# TASK DIRECTIONS
Once the line with "(* All vertices" is found in the entries below, print it and each following line exactly, stopping after the line with "set of a triangulation"; print nothing else.

# INPUT MATERIAL
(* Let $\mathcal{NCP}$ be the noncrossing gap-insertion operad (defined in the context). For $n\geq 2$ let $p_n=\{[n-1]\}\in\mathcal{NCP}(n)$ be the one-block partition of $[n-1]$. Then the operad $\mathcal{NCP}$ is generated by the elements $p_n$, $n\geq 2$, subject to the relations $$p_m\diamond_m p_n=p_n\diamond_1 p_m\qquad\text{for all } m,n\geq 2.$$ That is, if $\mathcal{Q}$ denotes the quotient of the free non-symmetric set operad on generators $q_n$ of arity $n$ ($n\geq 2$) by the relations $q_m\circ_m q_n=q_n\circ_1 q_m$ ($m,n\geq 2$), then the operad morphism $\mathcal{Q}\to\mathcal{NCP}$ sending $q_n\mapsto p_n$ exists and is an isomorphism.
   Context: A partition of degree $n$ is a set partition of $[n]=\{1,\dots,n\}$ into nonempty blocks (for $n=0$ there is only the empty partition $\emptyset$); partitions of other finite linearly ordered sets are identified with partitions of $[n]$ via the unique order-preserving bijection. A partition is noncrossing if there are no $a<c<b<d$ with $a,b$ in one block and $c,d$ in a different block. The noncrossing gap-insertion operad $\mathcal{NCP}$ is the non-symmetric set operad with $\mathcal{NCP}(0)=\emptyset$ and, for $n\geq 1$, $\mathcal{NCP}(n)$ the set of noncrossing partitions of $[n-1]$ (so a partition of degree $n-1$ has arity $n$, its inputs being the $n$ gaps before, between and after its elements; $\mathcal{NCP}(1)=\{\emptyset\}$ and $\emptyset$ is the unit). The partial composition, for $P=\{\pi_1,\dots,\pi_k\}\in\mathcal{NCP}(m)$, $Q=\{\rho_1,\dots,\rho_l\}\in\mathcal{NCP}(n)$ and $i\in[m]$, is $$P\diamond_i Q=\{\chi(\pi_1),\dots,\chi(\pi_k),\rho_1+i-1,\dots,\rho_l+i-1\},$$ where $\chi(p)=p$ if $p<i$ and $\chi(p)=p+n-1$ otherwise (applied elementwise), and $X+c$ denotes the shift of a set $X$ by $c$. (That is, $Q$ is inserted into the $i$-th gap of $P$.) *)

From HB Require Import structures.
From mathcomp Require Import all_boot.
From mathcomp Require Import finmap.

---

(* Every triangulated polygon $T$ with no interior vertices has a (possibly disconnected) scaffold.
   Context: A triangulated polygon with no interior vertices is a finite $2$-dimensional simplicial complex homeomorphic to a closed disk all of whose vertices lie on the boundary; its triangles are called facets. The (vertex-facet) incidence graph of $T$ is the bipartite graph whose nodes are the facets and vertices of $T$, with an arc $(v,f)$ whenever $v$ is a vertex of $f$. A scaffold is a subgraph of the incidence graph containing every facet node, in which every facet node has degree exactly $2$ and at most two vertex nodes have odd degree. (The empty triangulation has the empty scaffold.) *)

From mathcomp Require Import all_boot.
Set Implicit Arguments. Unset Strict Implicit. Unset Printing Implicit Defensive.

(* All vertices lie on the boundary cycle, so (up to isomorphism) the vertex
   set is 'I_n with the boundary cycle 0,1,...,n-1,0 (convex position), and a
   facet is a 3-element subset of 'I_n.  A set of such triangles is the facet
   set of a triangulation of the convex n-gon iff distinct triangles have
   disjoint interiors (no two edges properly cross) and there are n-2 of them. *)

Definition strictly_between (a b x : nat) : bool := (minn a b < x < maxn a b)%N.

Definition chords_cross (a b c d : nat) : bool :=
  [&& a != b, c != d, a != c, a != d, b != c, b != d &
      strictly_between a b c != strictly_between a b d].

# WRITTEN ANSWER
(* All vertices lie on the boundary cycle, so (up to isomorphism) the vertex
   set is 'I_n with the boundary cycle 0,1,...,n-1,0 (convex position), and a
   facet is a 3-element subset of 'I_n.  A set of such triangles is the facet
   set of a triangulation of the convex n-gon iff distinct triangles have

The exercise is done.